Remembering the Nation's Fallen Astronauts

Remembering the Nation's Fallen Astronauts

Today is NASA’s Day of Remembrance, honoring the astronauts who lost their lives in the cause of space exploration.

The nation’s three human spaceflight tragedies occurred years apart, but on days very close to each other.  NASA commemorates all three on a single day.

On January 27, 1967, the Apollo 204 fire took the lives of the first Apollo crew.  Virgil “Gus” Grissom, Ed White, and Roger Chaffee were killed when fire swept through the 100 percent oxygen atmosphere of their Apollo capsule during a ground test.  The origin of the spark that started the fire was never definitively determined, but was thought to be from electrical arcing.  If launched, it would have been called Apollo 1, but is more commonly referred to as Apollo 204.

On January 28, 1986, the seven crew members of space shuttle Challenger (STS 51-L) were killed when an O-ring in one of the solid rocket boosters failed and caused a catastrophic explosion 73 seconds after launch.   NASA astronauts Dick Scobee, Mike Smith, Judy Resnik, Ellison Onizuka and Ron McNair, together with “teacher in space” Christa McAuliffe and Hughes Aircraft payload specialist Greg Jarvis, died.

On February 1, 2003, the space shuttle Columbia (STS-107) disintegrated as it returned from a two-week mission in space as the orbiter was torn apart by aerodynamic forces after superheated air (plasma) entered one of its wings through a hole and deformed it.   The hole was created by debris falling from the External Tank during launch.  NASA astronauts Rick Husband, William McCool, Michael Anderson, David Brown, Kalpana Chawla, and Laurel Clark, along with Israeli payload specialist Ilan Ramon, were killed.  

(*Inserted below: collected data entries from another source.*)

Lemma proj_shear dl e x : proj (shear dl e x) = proj x + dl.
Proof. exact: proj_pt. Qed.

Lemma height_shear dl e x : height (shear dl e x) = height x - dot dl (proj x) + e.
Proof. exact: height_pt. Qed.

Lemma shear_inj dl e : injective (shear dl e).
Proof.
move=> x y E; have Ep : proj x = proj y.
  by move/(congr1 proj): E; rewrite !proj_shear => /addIr.
apply: proj_height_inj => //.
by move/(congr1 height): E; rewrite !height_shear Ep => /addIr /addIr.
Qed.

Lemma shear_hyper dl e a b :
  shear dl e @: hyper a b = hyper (a - dl) (b + e - dot (a - dl) dl).
Proof.
apply/eqP; rewrite eqEcard card_imset ?card_hyper ?leqnn ?andbT; last exact: shear_inj.
apply/subsetP => y /imsetP[x + ->]; rewrite !in_hyper => /eqP Ex.
by rewrite proj_shear height_shear Ex dotDr !dotBl; apply/eqP; ring.
Qed.

Lemma shear_transitive x y : exists dl e, shear dl e x = y.
Proof.
exists (proj y - proj x), (height y - height x + dot (proj y - proj x) (proj x)).
apply: proj_height_inj; first by rewrite proj_shear addrC subrK.
by rewrite height_shear; ring.
Qed.

End TransversalHyperplanes.

(** * The shifted projection protocol *)

Section ShiftedProjection.
Variables (m : nat) (F : finFieldType) (d : nat) (tau : {ffun option 'I_m -> nat}).
Local Notation tot := (Defs.total m tau).
Local Notation token := (token m F d tau).
Local Notation deal := (deal m tau).
Local Notation proj := (@proj F d).
Local Notation hyper := (@hyper F d).
Local Notation maxexec := (@maxexec m F d tau).
Local Notation Pi := (@Pi m F d tau).
Local Notation is_exec := (@is_exec m F d tau).
Local Notation is_deal := (@is_deal m tau).
Local Notation tok0 := (@tok0 m F d tau).
Local Notation prob_joint := (@prob_joint m F d tau).
Local Notation prob_ev := (@prob_ev m F d tau).
Local Notation encoding := {ffun 'I_tot -> 'rV[F]_d.+1}.
Implicit Types (H : deal) (rho : seq token) (f : encoding) (s : {perm 'I_tot}).

Definition max_run (f : encoding) (a : 'rV[F]_d) (H : deal) : seq token :=
  inl f :: [seq inr [set (proj w + a)%R | w in f @: H (Some k)] | k <- enum 'I_m].

Lemma size_max_run f a H : size (max_run f a H) = m.+1.
Proof. by rewrite /= size_map size_enum_ord. Qed.

Lemma maxexecP H (s : seq token) :
  reflect (exists f a b, [/\ injective f, forall y, exists x, f x = y,
                             ~: (f @: H None) = hyper a b & s = max_run f a H])
          (maxexec H s).
Proof.
apply: (iffP existsP) => [[f /existsP[a /existsP[b]]] | ].
  case/and4P=> /injectiveP fi /forallP fs /eqP hA /eqP ->; exists f, a, b; split=> // y.
  by have /existsP[x /eqP] := fs y; exists x.
case=> f [a [b [fi fs hA ->]]]; exists f; apply/existsP; exists a; apply/existsP; exists b.
apply/and4P; split; [exact/injectiveP | | exact/eqP | exact/eqP].
by apply/forallP => y; have [x <-] := fs y; apply/existsP; exists x.
Qed.

Lemma size_maxexec H (s : seq token) : maxexec H s -> size s = m.+1.
Proof. by case/maxexecP => f [a [b [_ _ _ ->]]]; rewrite size_max_run. Qed.

Lemma is_dealP H :
  reflect [/\ forall P, #|H P| = tau P, forall P Q, P != Q -> [disjoint H P & H Q]
            & forall c, exists P, c \in H P] (is_deal H).
Proof.
apply: (iffP and3P) => [[/forallP cardH /forallP disjH /eqP coverH]|[cardH disjH coverH]].
  split=> [P | P Q | c]; first exact/eqP.
    by move/forallP: (disjH P) => /(_ Q) /implyP.
  have /bigcupP[P _ cP] : c \in \bigcup_P H P by rewrite coverH inE.
  by exists P.
split; first by apply/forallP => P; apply/eqP.
  by apply/forallP => P; apply/forallP => Q; apply/implyP; apply: disjH.
by apply/eqP/setP => c; rewrite inE; have [P cP] := coverH c; apply/bigcupP; exists P.
Qed.

Lemma PiP H rho (t : token) :
  reflect (exists2 s, maxexec H s & prefix (rcons rho t) s) (t \in Pi H rho).
Proof.
rewrite inE; apply: (iffP existsP) => [[s /andP[]] | [s ms]]; first by exists s.
by have /eqP sz := size_maxexec ms; exists (Tuple sz); rewrite /= ms.
Qed.

Lemma exec_nil H : is_exec H [::] = is_deal H.
Proof. by rewrite /is_exec /= andbT. Qed.

Lemma execP H rho : rho != [::] ->
  is_exec H rho <-> is_deal H /\ exists2 s, maxexec H s & prefix rho s.
Proof.
move=> rho_nil; have rho_gt0 : 0 < size rho by rewrite lt0n size_eq0.
split=> [/andP[dealH /allP execH] | [dealH [s ms rho_s]]].
  split=> //; have /execH : (size rho).-1 \in iota 0 (size rho).
    by rewrite mem_iota add0n ltn_predL.
  by case/PiP => s ms; rewrite -take_nth ?prednK ?take_size //; exists s.
apply/andP; split=> //; apply/allP => i; rewrite mem_iota add0n => /andP[_ lt_i].
apply/PiP; exists s; rewrite // -take_nth //.
exact: prefix_trans (prefix_take _ _) rho_s.
Qed.

Lemma in_hyper_B H f a b k c :
  is_deal H -> injective f -> ~: (f @: H None) = hyper a b ->
  c \in H (Some k) -> f c \in hyper a b.
Proof.
case/is_dealP => _ disjH _ f_inj hA cB.
by rewrite -hA inE (mem_imset _ _ f_inj) (disjointFr (disjH (Some k) None isT) cB).
Qed.

Lemma mem_deal_B H f a b k c :
  is_deal H -> injective f -> ~: (f @: H None) = hyper a b ->
  (c \in H (Some k)) =
  (c \notin H None) && (proj (f c) + a \in [set proj w + a | w in f @: H (Some k)])%R.
Proof.
move=> dealH f_inj hA; apply/idP/andP => [cB | [cA /imsetP[_ /imsetP[c' c'B ->] /addIr Ep]]].
  split; last exact/imset_f/imset_f.
  by case/is_dealP: dealH => _ disjH _; rewrite (disjointFr (disjH (Some k) None isT) cB).
have c_hyp : f c \in hyper a b by rewrite -hA inE (mem_imset _ _ f_inj).
have := in_hyper_B dealH f_inj hA c'B; move: c_hyp; rewrite !in_hyper => /eqP Ec /eqP Ec'.
suff -> : c = c' by [].
by apply: f_inj; apply: proj_height_inj; rewrite // Ec Ec' Ep.
Qed.

Lemma max_run_inj H H' f a b :
  is_deal H -> is_deal H' -> injective f ->
  ~: (f @: H None) = hyper a b -> ~: (f @: H' None) = hyper a b ->
  max_run f a H = max_run f a H' -> H = H'.
Proof.
move=> dealH dealH' f_inj hA hA' [] /eq_in_map runE.
have eqA : H None = H' None by apply: (imset_inj f_inj); apply: setC_inj; rewrite hA hA'.
apply/ffunP => -[k|] //; apply/setP => c.
rewrite (mem_deal_B k c dealH f_inj hA) (mem_deal_B k c dealH' f_inj hA') eqA.
by case: (runE k (mem_enum _ _)) => ->.
Qed.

Today, President Obama issued a statement saying that “it is our duty to honor them the way they would have wanted to be honored — by focusing our sights on the next horizon.”

NASA Administrator Charles Bolden, himself a former space shuttle astronaut, released a video message and paid tribute to the crews at memorials to them at Arlington National Cemetery.  A wreath-laying ceremony also took place at Kennedy Space Center.